Note the similarity between this blocking and that obtained from the generalized vertex similarity analysis of the same network.

Another way of Performing CA in a Two-Mode Network

Sciarra et al. (2020) suggest an alternative way of computing CA for two-mode networks that avoids the issue of having to do the eigendecomposition of an asymmetric matrix (like the \(\mathbf{P}_{PP}\) and \(\mathbf{P}_{GG}\)) above.
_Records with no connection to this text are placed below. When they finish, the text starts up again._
Lemma connect_invariant (T : finType) (e : rel T) (Q : pred T) v :
  (forall x y, connect e v x -> connect e v y -> e x y -> Q x = Q y) ->
  forall w, connect e v w -> Q w = Q v.
Proof.
move=> inv w /connectP[p pth ->] {w}.
suff pathQ u : connect e v u -> path e u p -> Q (last u p) = Q u.
  exact: pathQ (connect0 e v) pth.
elim: p u {pth} => [//|y p IH] u vu /= /andP[uy py].
have vy : connect e v y := connect_trans vu (connect1 uy).
by rewrite IH // (inv u y).
Qed.

Section Ladder.
Context {disp : Order.disp_t} {P : finPOrderType disp}.
Variables (A1 A2 : {set P}) (v : bool * P).
Hypotheses (chA1 : is_chain A1) (chA2 : is_chain A2) (vA : vert A1 A2 v).

Local Notation chainA b := (if b then A1 else A2).
Local Notation edge := (ladder_edge A1 A2).
Local Notation S c := (side [set w | connect (ladder_edge A1 A2) v w] c).

Lemma chainA_chain b : is_chain (chainA b).
Proof. by case: b. Qed.

Lemma vertE w : vert A1 A2 w = (w.2 \in chainA w.1).
Proof. by case: w => -[]. Qed.

Lemma mem_side c x : (x \in S c) = connect edge v (c, x).
Proof. by rewrite !inE. Qed.

Lemma ladder_side w : connect edge v w -> w.2 \in S w.1.
Proof. by case: w => c x; rewrite mem_side. Qed.

Lemma side_sub c : {subset S c <= chainA c}.
Proof.
move=> x; rewrite mem_side => vx.
have : vert A1 A2 (c, x).
  rewrite (connect_invariant (Q := vert A1 A2) _ vx) //.
  by move=> w w' _ _ /and4P[-> ->].
by rewrite vertE.
Qed.

Lemma side_chain c : is_chain (S c).
Proof. exact: sub_chain (chainA_chain (b := c)) (@side_sub c). Qed.

(* A letter of A_b outside the ladder is comparable to every letter of the
   ladder: on its own side because A_b is a chain, on the other side because
   an incomparability edge would put it in the ladder. *)
Lemma outside_nsim b c z y : z \in chainA b :\: S b -> y \in S c -> ~~ simP z y.
Proof.
rewrite in_setD => /andP[zS zA] yS.
have [cb|ncb] := eqVneq c b.
  rewrite cb in yS; apply: chain_nsim (chainA_chain (b := b)) zA (side_sub yS) _.
  by apply: contraNneq zS => ->.
apply: contra zS => zy; rewrite mem_side.
apply: connect_trans (_ : connect edge v (c, y)) (connect1 _); first by rewrite -mem_side.
by rewrite /ladder_edge !vertE /= zA (side_sub yS) ncb simPC zy.
Qed.

(* Such a letter lies on the same side of every letter of the ladder, since
   the ladder is connected by incomparability edges. *)
Lemma outside_same_side b c z y : z \in chainA b :\: S b -> y \in S c ->
  (y < z) = (v.2 < z).
Proof.
move=> zout; rewrite mem_side => vy.
apply: (connect_invariant (Q := fun w : bool * P => w.2 < z)) vy => x w vx vw.
case/and4P=> _ _ _ xw; apply: nsim_same_side xw _ _; apply: outside_nsim zout _;
  exact: ladder_side.
Qed.

Definition Above b := [set z | (z \in chainA b :\: S b) && (v.2 < z)].
Definition Below b := [set z | (z \in chainA b :\: S b) && (z < v.2)].

Lemma above_gt b c z y : z \in Above b -> y \in S c -> y < z.
Proof. by rewrite inE => /andP[zout vz] yS; rewrite (outside_same_side zout yS). Qed.

Lemma below_lt b c z y : z \in Below b -> y \in S c -> z < y.
Proof.
rewrite inE => /andP[zout zv] yS.
case/orP: (nsimP (outside_nsim zout yS)) => // yz.
by move: yz; rewrite (outside_same_side zout yS) => /(lt_trans zv); rewrite ltxx.
Qed.

Lemma outside_bands b z : (z \in chainA b :\: S b) = (z \in Above b) || (z \in Below b).
Proof.
rewrite !inE -andb_orr; case zout: (_ && _) => //=; rewrite orbC; symmetry.
apply/nsimP/(outside_nsim (b := b) _ (ladder_side (connect0 edge v))).
by rewrite in_setD mem_side.
Qed.

Lemma bands_nsim b c z y : (z \in Above b) || (z \in Below b) -> y \in S c ->
  ~~ simP z y.
Proof. rewrite -outside_bands; exact: outside_nsim. Qed.

Lemma swap_chain b c : is_chain ((chainA b :\: S b) :|: S c).
Proof.
move=> x y; rewrite !in_setU => /orP[xout|xS] /orP[yout|yS].
- by apply: (chainA_chain (b := b)); [move: xout|move: yout]; rewrite in_setD => /andP[].
- exact/nsim_cmp/(outside_nsim xout yS).
- by rewrite comparable_sym; exact/nsim_cmp/(outside_nsim yout xS).
- exact: side_chain xS yS.
Qed.

Lemma uC_swap b c :
  uC ((chainA b :\: S b) :|: S c) = uC (Above b) ++ uC (S c) ++ uC (Below b).
Proof.
apply: uC_cat3 (swap_chain (b := b) (c := c)) _ _ _ _.
- by move=> z; rewrite in_setU outside_bands orbAC -orbA.
- by move=> x y xA yS; apply: above_gt xA yS.
- by move=> x y yS yB; apply: below_lt yB yS.
- move=> x y; rewrite !inE => /andP[_ vx] /andP[_ yv]; exact: lt_trans yv vx.
Qed.

Lemma uC_chainA b : uC (chainA b) = uC (Above b) ++ uC (S b) ++ uC (Below b).
Proof.
rewrite -uC_swap; congr uC; apply/setP => z; rewrite in_setU in_setD.
by case zS: (z \in S b); rewrite /= ?orbT ?orbF ?(side_sub zS).
Qed.

(* The two sides of the ladder are linked: a pair of sets closed under its
   edges and meeting it is, read as a vertex predicate, constant on the ladder. *)
Lemma sides_linked : linked (uC (S true)) (uC (S false)).
Proof.
move=> T1 T2 cl ne.
pose Q (w : bool * P) := if w.1 then w.2 \in T1 else w.2 \in T2.
have Qconst w : connect edge v w -> Q w = Q v.
  apply: connect_invariant => -[[] x] [[] y] vx vy /and4P[_ _ //= _ xy]; rewrite /Q /=.
    by apply: cl; rewrite ?uC_mem ?mem_side.
  by rewrite (cl y x) ?uC_mem ?mem_side // simPC.
have Qv : Q v.
  case: ne => [[a aS aT]|[b bS bT]].
    by rewrite -(Qconst (true, a)) //; rewrite uC_mem mem_side in aS.
  by rewrite -(Qconst (false, b)) //; rewrite uC_mem mem_side in bS.
by split=> x; rewrite uC_mem mem_side => /Qconst; rewrite Qv.
Qed.

End Ladder.

Theorem mainTheorem19 (disp : Order.disp_t) (P : finPOrderType disp)
    (A1 A2 : {set P}) (H : {set bool * P}) :
  three_one_free (P := P) ->
  is_chain A1 -> is_chain A2 ->
  is_ladder A1 A2 H -> unbalanced H ->
  congr_IH (mon (uC A1 ++ uC A2))
           (mon (uC (swap1 A1 A2 H) ++ uC (swap2 A1 A2 H))).
Proof.
move=> tof chA1 chA2 [v vA ->] unbal.
have split_A b := uC_chainA chA1 chA2 vA b.
have split_swap b c := uC_swap chA1 chA2 vA b c.
rewrite /swap1 /swap2 (split_A true) (split_A false).
rewrite (split_swap true false) (split_swap false true) -!catA.
apply: swap_middles => [l r|x y].
- apply: (desc_swap tof); rewrite ?uC_size //.
  + exact/uC_sorted/side_chain.
  + exact/uC_sorted/side_chain.
  + exact: sides_linked.
- rewrite !mem_cat !uC_mem => /orP[xB|xA] /orP[] yS.
  1,2: by apply: (bands_nsim chA1 chA2 vA (b := true) _ yS); rewrite xB orbT.
  all: by apply: (bands_nsim chA1 chA2 vA (b := false) _ yS); rewrite xA.
Qed.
Their suggestion is to normalize the biadjacency matrix \(\mathbf{A}\), before computing the degree-weighted projections, according to the formula:

\[ \tilde{\mathbf{A}} = \mathbf{D^{-2}_P}\mathbf{A}\mathbf{D^{-2}_G} \]

Where \(\mathbf{D^{-2}}\) is a matrix containing the inverse of the square root of the degrees in diagonals and zero everywhere else.

We can then obtain symmetric versions of the projection matrices, by applying the usual Breiger (1974) projection formula:

\[ \mathbf{P} = \tilde{\mathbf{A}}\tilde{\mathbf{A}}^T \]

\[ \mathbf{G} = \tilde{\mathbf{A}}^T\tilde{\mathbf{A}} \]

The matrices \(\mathbf{P}\) and \(\mathbf{G}\) no longer have the nice interpretation of being Markov transition matrices that the \(\mathbf{P}_{pp}\) \(\mathbf{P}_{gg}\) matrices have, but the fact that they are symmetric can be an advantage in facilitating the eigendecomposition computation, as they are guaranteed to have real-valued solutions.

Let’s see how this would work:

   D2.p <- diag(1/sqrt(rowSums(A)))
   D2.g <- diag(1/sqrt(colSums(A)))
   A2 <- D2.p %*% A %*% D2.g
   P <- A2 %*% t(A2)
   G <- t(A2) %*% A2

We can check that indeed \(\mathbf{P}\) and \(\mathbf{G}\) are symmetric:

   isSymmetric(P)

[1] TRUE

   isSymmetric(G)

[1] TRUE

And now we can obtain the row and column CA scores via eigendecomposition of these matrices:

   eig.vec.p2 <- eigen(P)$vectors
   eig.vec.g2 <- eigen(G)$vectors

As Sciarra et al. (2020, 3) also note, to have the eigenvectors obtained via this procedure match the CA scores, we need to rescale the standard CA scores by multiplying them by the square root of the degrees of the row and column nodes:

   cor(CA.res$Z.u.p[, 1] * sqrt(rowSums(A)), eig.vec.p2[, 2])

[1] 1

   cor(CA.res$Z.u.g[, 1] * sqrt(colSums(A)), eig.vec.g2[, 2])

[1] 1

Which as we can see, results in perfectly correlated scores across the two methods.

References

Breiger, Ronald L. 1974. “The Duality of Persons and Groups.” Social Forces 53 (2): 181–90.

Faust, Katherine. 1997. “Centrality in Affiliation Networks.” Social Networks 19 (2): 157–91.

Fouss, François, Marco Saerens, and Masashi Shimbo. 2016. Algorithms and Models for Network Data and Link Analysis. Cambridge University Press.

Sciarra, Carla, Guido Chiarotti, Luca Ridolfi, and Francesco Laio. 2020. “Reconciling Contrasting Views on Economic Complexity.” Nature Communications 11 (1): 3352.